Slut? Bottom? Bitch?
So, I just opened this email from someone who happened to see this pic of me - somewhere on the net:
Their comment was, "What a SLUTTY PIC, I LOVE IT! you sexy little bottom bitch!" For some reason, I was really offended by the comment and I don't really know why. I mean, it's not like I didn't put the pic out there to get some sort of reaction. But maybe I'm not a bottom - all of the time. And there's a huge possibility I'm not in the least bit 'little'. And I'm certainly not this person's bitch! And a SLUT? Uh uh.
And, what if they'd seen this pic instead:
Would he still have said, "you sexy little bottom bitch"? Cuz I normally get the opposite reaction from this pic. Why couldn't he have just said, "You sexy bitch!"? I don't know...now that I think about it, who cares!? At least he said "sexy".



You gotta admit that the first picture, bottom or not, is saying "i want something up my bootie." :-) I think it's the position, not what you look like.
Posted by: Tony (LT) | January 2007 at 10:41 AM
Wait, you're gay? ;-) Love both of the pics!
Posted by: Donnie v2.0 | January 2007 at 10:48 PM
Oh, and if it were THURSDAY, lol...they'd be labeled HNT. Don't you worry, I've got my HTN lined up!
Posted by: Ethan | January 2007 at 04:39 PM
I can definitely say I'm not in the least bit homophobic. But, my reaction may stem from the fact that after I first came 'out', I was labeled a bottom, right off the top! (pun semi-intended). So, I felt like I had to live my life as a bottom. Then, with my second boyfriend - who was all bottom, I'd taken the reverse role. Since that time, I've been versatile - some boys wanting me for one thing, other's for my 'other thing'. ;)
It's only recently, however, that I've come 'out' emotionally...discovering that who I am is fluid and changing, just the way I am in bed. Before now, and through most of gay life, I've always felt the need to fulfill someone else's ideal of what they wanted me to be.
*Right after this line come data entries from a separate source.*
Lemma blocked_prob_le i (j : 'I_B.+1) : (0 < j)%N ->
  \sum_f jointprob f * ((psib_det c (vpart f) (tpart f) i != j) && ((f i).1 == j))%:R
  <= a * \sum_f jointprob f * ((f i).1 == j)%:R.
Proof.
rewrite /jointprob => j_pos; have j_neq0 : (j : nat) != 0%N by rewrite -lt0n.
pose G k (b b' : 'I_B.+1 * 'I_C.+1) : R := (b.1 == j)%:R * load k b.2 b'.
have pointwise (f : {ffun 'I_n -> 'I_B.+1 * 'I_C.+1}) :
    (\prod_k jointp k (f k)) *
      ((psib_det c (vpart f) (tpart f) i != j) && ((f i).1 == j))%:R
    <= (\prod_k jointp k (f k)) * \sum_(k | k != i) G k (f i) (f k).
  have [->|W_neq0] := eqVneq (\prod_k jointp k (f k)) 0; first by rewrite !mul0r.
  apply: ler_wpM2l; first by apply: prodr_ge0 => k _; apply: jointp_ge0.
  case: andP => [[not_kept /eqP fi_j]|_]; last first.
    by apply: sumr_ge0 => k _; rewrite mulr_ge0 ?ler0n ?load_ge0.
  have t_pos : (0 < (f i).2)%N.
    by apply: jointp_time_pos; [rewrite fi_j | move/prodf_neq0: W_neq0; apply].
  under eq_bigr => k _ do rewrite /G fi_j eqxx mul1r.
  have blocked := @blocked_load (vpart f) (tpart f) i.
  rewrite [vpart f i]vpartE [tpart f i]tpartE fi_j in blocked.
  apply: le_trans (blocked t_pos not_kept) _.
  rewrite (eq_bigr (fun k => load k (f i).2 (f k))) // => k _.
  by rewrite [vpart f k]vpartE [tpart f k]tpartE -surjective_pairing.
apply: le_trans (ler_sum _ (fun f _ => pointwise f)) _.
under eq_bigr => f _ do rewrite mulr_sumr.
rewrite exchange_big /=.
rewrite (eq_bigr (fun k => \sum_b \sum_b' jointp i b * jointp k b' * G k b b'));
  last first.
  by move=> k k_neq_i; apply: expect_coord2; [exact: sum_jointp | rewrite eq_sym].
rewrite exchange_big /= (expect_coord sum_jointp (fun b => (b.1 == j)%:R)) mulr_sumr.
apply: ler_sum => b _.
have -> : \sum_(k | k != i) \sum_b' jointp i b * jointp k b' * G k b b' =
    jointp i b * (b.1 == j)%:R *
      \sum_(k | k != i) \sum_b' jointp k b' * load k b.2 b'.
  rewrite mulr_sumr; apply: eq_bigr => k _; rewrite mulr_sumr.
  by apply: eq_bigr => b' _; rewrite /G; ring.
rewrite mulrC; case: eqP => [b1_j|_]; last by rewrite mulr0n !mulr0.
have [->|jb_neq0] := eqVneq (jointp i b) 0; first by rewrite !(mul0r, mulr0).
rewrite ler_wpM2r ?mulr_ge0 ?jointp_ge0 ?ler0n //.
by apply: expected_total_load; apply: jointp_time_pos jb_neq0; rewrite b1_j.
Qed.
Lemma ratio_cauchy n m : (n <= m)%nat -> (Cmod (ratio m - ratio n) <= eps * tail n)%R.
Proof.
  intro Hnm.
  assert (Htelescope : (Cmod (ratio m - ratio n) <= eps * (tail n - tail m))%R).
  { induction Hnm as [|m Hnm IH].
    - unfold Cminus. rewrite Cplus_opp_r, Cmod_0. lra.
    - replace (ratio (S m) - ratio n) with ((ratio (S m) - ratio m) + (ratio m - ratio n))
        by ring.
      eapply Rle_trans; [apply Cmod_triangle |]. pose proof (ratio_step m). lra. }
  pose proof (tail_pos hg m). nra.
Qed.

Lemma ratio_converges : exists L, filterlim ratio eventually (locally L).
Proof.
  apply (filterlim_locally_cauchy (U := C_CompleteNormedModule) (F := eventually) ratio). intro d.
  destruct (tail_vanishes hg (d / eps)) as [N HN].
  { apply Rdiv_lt_0_compat; [apply cond_pos | exact heps]. }
  assert (Hclose : forall m n, (N <= m <= n)%nat -> ball (ratio m) d (ratio n)).
  { intros m n [HNm Hmn]. apply C_NormedModule_mixin_compat1.
    eapply Rle_lt_trans; [apply (ratio_cauchy m n Hmn) |].
    specialize (HN m HNm). apply (Rmult_lt_compat_l eps) in HN; [| exact heps].
    replace (eps * (d / eps))%R with (pos d) in HN by (field; lra). exact HN. }
  exists (fun n => (N <= n)%nat). split; [exists N; auto |].
  intros m n Hm Hn. destruct (Nat.le_ge_cases m n).
  - apply Hclose. lia.
  - apply ball_sym, Hclose. lia.
Qed.

Lemma stability_bound (L : C) n : filterlim ratio eventually (locally L) ->
  (Cmod (phi n - L * ep h p0 p1 n) <= eps * (h * weight n))%R.
Proof.
  intro HL.
  replace (phi n - L * ep h p0 p1 n) with (- ep h p0 p1 n * (L - ratio n))
    by (unfold ratio; field; apply ep_neq0).
  rewrite Cmod_mult, Cmod_opp.
  pose proof (Cmod_lim_sub_le ratio L n _ HL (ratio_cauchy n)). pose proof (Cmod_ep_pos n).
  replace (eps * (h * weight n))%R with (Cmod (ep h p0 p1 n) * (eps * tail n))%R
    by (unfold tail; field; lra).
  apply Rmult_le_compat_l; lra.
Qed.

End StabilityBound.

Lemma K1_ulam_constant (hg : (1 < alpha0 * alpha1)%R) : ulam_constant h p0 p1 K1.
Proof.
  split.
  - pose proof (weight_le_K1 0). pose proof (weight_pos hg 0). nra.
  - intros eps heps phi hphi.
    destruct (ratio_converges hg eps phi heps hphi) as [L HL].
    exists (fun n => L * ep h p0 p1 n). split; [apply ep_is_solution |].
    intro n. pose proof (stability_bound hg eps phi heps hphi L n HL). pose proof (weight_le_K1 n).
    nra.
Qed.

(* A perturbation for which [stability_bound] is an equality. *)
Definition extremal (n : nat) : C := - RtoC (tail n) * ep h p0 p1 n.

Lemma Cmod_residual_extremal (hg : (alpha0 * alpha1 <> 1)%R) n :
  Cmod (residual extremal n) = 1%R.
Proof.
  assert (E : RtoC h * residual extremal n
              = RtoC (h / Cmod (ep h p0 p1 (S n))) * ep h p0 p1 (S n)).
  { transitivity (extremal (S n) - ep_factor n * extremal n).
    - rewrite (residual_step extremal n). ring.
    - rewrite <- (tail_step hg n), RtoC_minus. unfold extremal. rewrite ep_S. ring. }
  apply (f_equal Cmod) in E. pose proof (Cmod_ep_pos (S n)).
  rewrite !Cmod_mult, !Cmod_R, !Rabs_pos_eq in E
    by (try apply Rlt_le, Rdiv_lt_0_compat; lra).
  apply (Rmult_eq_reg_l h); [| lra]. rewrite E. field. lra.
Qed.

Lemma Cmod_extremal (hg : (1 < alpha0 * alpha1)%R) n : Cmod (extremal n) = (h * weight n)%R.
Proof.
  unfold extremal. pose proof (tail_pos hg n). pose proof (Cmod_ep_pos n).
  rewrite Cmod_mult, Cmod_opp, Cmod_R, Rabs_pos_eq by lra.
  unfold tail. field. lra.
Qed.

Lemma K1_minimal (hg : (1 < alpha0 * alpha1)%R) (K : R) :
  (0 < K)%R -> (K < K1)%R -> ~ ulam_constant h p0 p1 K.
Proof.
  intros HK HKK1 [_ Hulam].
  destruct (Hulam 1%R Rlt_0_1 extremal) as [x [Hx Hclose]].
  { intro n. change (Cmod (residual extremal n) <= 1)%R.
    rewrite (Cmod_residual_extremal (Rgt_not_eq _ _ hg)). lra. }
  assert (Hx0 : forall n, x n = 0).
  { apply (bounded_solution_zero hg x (K * 1 + K1)%R Hx). intro n.
    replace (x n) with (extremal n - (extremal n - x n)) by ring.
    eapply Rle_trans; [apply Cmod_sub_le |].
    rewrite Cmod_extremal by exact hg.
    pose proof (Hclose n). pose proof (weight_le_K1 n). lra. }
  assert (Hweight : forall n, (h * weight n <= K)%R).
  { intro n. rewrite <- Cmod_extremal by exact hg. specialize (Hclose n).
    rewrite Hx0 in Hclose. replace (extremal n - 0) with (extremal n) in Hclose by ring.
    lra. }
  apply (Rlt_not_le _ _ HKK1). unfold K1. rewrite <- RmaxRmult by lra.
  apply Rmax_lub; [exact (Hweight 1%nat) | exact (Hweight 0%nat)].
Qed.

Lemma expansive_case (hg : (1 < alpha0 * alpha1)%R) (eps : R) (heps : (0 < eps)%R)
  (phi : nat -> C) (hphi : forall n, (Cmod (residual phi n) <= eps)%R) :
  exists L : C,
    filterlim (fun n => phi n / ep h p0 p1 n) eventually (locally L) /\
    is_solution h p0 p1 (fun n => L * ep h p0 p1 n) /\
    (forall n, (Cmod (phi n - L * ep h p0 p1 n) <= K1 * eps)%R) /\
    (forall y : nat -> C, is_solution h p0 p1 y ->
       (forall n, (Cmod (phi n - y n) <= K1 * eps)%R) ->
       forall n, y n = L * ep h p0 p1 n) /\
    min_ulam_constant h p0 p1 K1.
Proof.
  destruct (ratio_converges hg eps phi heps hphi) as [L HL].
  assert (Hbound : forall n, (Cmod (phi n - L * ep h p0 p1 n) <= K1 * eps)%R).
  { intro n. pose proof (stability_bound hg eps phi heps hphi L n HL).
    pose proof (weight_le_K1 n). nra. }
  exists L. split; [exact HL |]. split; [apply ep_is_solution |]. split; [exact Hbound |].
  split.
  - intros y Hy Hclose n.
    assert (Hdiff : forall m, y m - L * ep h p0 p1 m = 0).
    { apply (bounded_solution_zero hg _ (K1 * eps + K1 * eps)%R
               (is_solution_sub y _ Hy (ep_is_solution L))).
      intro m. replace (y m - L * ep h p0 p1 m)
        with ((phi m - L * ep h p0 p1 m) - (phi m - y m)) by ring.
      eapply Rle_trans; [apply Cmod_sub_le |]. pose proof (Hbound m). pose proof (Hclose m).
      lra. }
    replace (y n) with ((y n - L * ep h p0 p1 n) + L * ep h p0 p1 n) by ring.
    rewrite Hdiff. ring.
  - split; [exact (K1_ulam_constant hg) |]. intros K HK HKK1. exact (K1_minimal hg K HK HKK1).
Qed.

Lemma error_lt_opp_weight (hg : (alpha0 * alpha1 < 1)%R) (eps : R) (phi x : nat -> C)
  (hphi : forall n, (Cmod (residual phi n) <= eps)%R) (hx : is_solution h p0 p1 x) :
  (Cmod (phi 0%nat - x 0%nat) < eps * h * - weight 0)%R ->
  forall n, (Cmod (phi n - x n) < eps * h * - weight n)%R.
Proof.
  intros H0 n. induction n as [|n IH]; [exact H0 |].
  eapply Rle_lt_trans; [apply (error_step eps phi x n hx (hphi n)) |].
  pose proof (weight_step (Rlt_not_eq _ _ hg) n) as Hstep. pose proof (Cmod_ep_factor_pos n).
  replace (eps * h * - weight (S n))%R
    with (Cmod (ep_factor n) * (eps * h * - weight n) + h * eps)%R
    by (replace (weight (S n)) with (weight n * Cmod (ep_factor n) - 1)%R by lra; ring).
  apply Rplus_lt_compat_r, Rmult_lt_compat_l; assumption.
Qed.

Lemma contractive_case (hg : (alpha0 * alpha1 < 1)%R) (eps : R) (heps : (0 < eps)%R)
  (phi x : nat -> C) (hphi : forall n, (Cmod (residual phi n) <= eps)%R)
  (hx : is_solution h p0 p1 x) :
  (Cmod (phi 0%nat - x 0%nat) < eps * h * ((1 + alpha1) / (1 - alpha0 * alpha1)))%R ->
  forall n, (Cmod (phi n - x n) < eps * h *
    Rmax ((1 + alpha0) / (1 - alpha0 * alpha1)) ((1 + alpha1) / (1 - alpha0 * alpha1)))%R.
Proof.
  intros H0 n. pose proof (Rlt_not_eq _ _ hg) as hne.
  rewrite <- (opp_weight hne 0 : (- weight 0 = (1 + alpha1) / (1 - alpha0 * alpha1))%R) in H0.
  eapply Rlt_le_trans; [exact (error_lt_opp_weight hg eps phi x hphi hx H0 n) |].
  apply Rmult_le_compat_l; [nra |].
  rewrite opp_weight by exact hne. destruct (Nat.even n); [apply Rmax_r | apply Rmax_l].
Qed.

End PeriodicCoefficient.

Theorem theorem2p2 (h : R) (p0 p1 : C)
  (hpos : (0 < h)%R)
  (hp0 : p0 <> - (1 / RtoC h)) (hp1 : p1 <> - (1 / RtoC h))
  (hp01 : p0 <> p1)
  (hprod_pos : (0 < Cmod (1 + RtoC h * p0) * Cmod (1 + RtoC h * p1))%R)
  (hprod_ne1 : (Cmod (1 + RtoC h * p0) * Cmod (1 + RtoC h * p1) <> 1)%R)
  (eps : R) (heps : (0 < eps)%R) (phi : nat -> C)
  (hphi : forall n, (Cmod (delta_h h phi n - pcoef p0 p1 n * phi n) <= eps)%R) :
  let a0 := Cmod (1 + RtoC h * p0) in
  let a1 := Cmod (1 + RtoC h * p1) in
  let K1 := (h * Rmax ((1 + a0) / (-1 + a0 * a1)) ((1 + a1) / (-1 + a0 * a1)))%R in
  ((1 < a0 * a1)%R ->
     exists L : C,
       filterlim (fun n => phi n / ep h p0 p1 n) eventually (locally L) /\
       is_solution h p0 p1 (fun n => L * ep h p0 p1 n) /\
       (forall n, (Cmod (phi n - L * ep h p0 p1 n) <= K1 * eps)%R) /\
       (forall y : nat -> C, is_solution h p0 p1 y ->
          (forall n, (Cmod (phi n - y n) <= K1 * eps)%R) ->
          forall n, y n = L * ep h p0 p1 n) /\
       min_ulam_constant h p0 p1 K1) /\
  ((a0 * a1 < 1)%R ->
     forall x : nat -> C, is_solution h p0 p1 x ->
       (Cmod (phi 0%nat - x 0%nat) < eps * h * ((1 + a1) / (1 - a0 * a1)))%R ->
       forall n, (Cmod (phi n - x n) <
         eps * h * Rmax ((1 + a0) / (1 - a0 * a1)) ((1 + a1) / (1 - a0 * a1)))%R).
Proof.
  (* [hp0] and [hp1] follow from [hprod_pos]. *)
  intros a0 a1 K. split.
  - intro hg. exact (expansive_case h p0 p1 hpos hprod_pos hg eps heps phi hphi).
  - intros hg x hx. exact (contractive_case h p0 p1 hpos hprod_pos hg eps heps phi x hphi hx).
Qed.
But, I'll save my feelings on this for another post.
Suffice it to say, I'm not much for sexual labeling. I'm ambisextrous...a sexual chameleon of sorts, where the 'what's' and 'how's' are determined by who I'm with and what WE want, at the time.
So, Jake...choose one of the pics and let me know. ;)
Posted by: Ethan | January 2007 at 01:16 PM
And....where's your fuckin' hnt post?
These dont count...They're not titled HNT... :-P so there....
*lick*
Posted by: Jake | January 2007 at 12:33 PM
YOU SEXY FUCKIN' VERSATILE STUD.... I'LL BE YOUR BITCH...IF YOU BE MINE....
Posted by: Jake | January 2007 at 12:31 PM
Your reaction is quite understandible. No one likes to be stereotyped, or to have assumptions made about him on scant evidence. BUT would you have reacted the same way if the correspondent had, after looking at your more "butch" photo had said: "Oh, you hot, sexy bastard. How I yearn to feel your hot cock in my hungry bitch's hole."
What I'm suggesting is that you reaction might just betray a tinge of gay homophobia. It's fine to have people assume that you're a top, even if they're wrong. What riles is to have people assume you're a bottom, even if they're right.
Posted by: Bruce | January 2007 at 10:21 AM
In the eyes of a top, everyone is a bottom. Perhaps he was top. So maybe, wishful thinking on his part.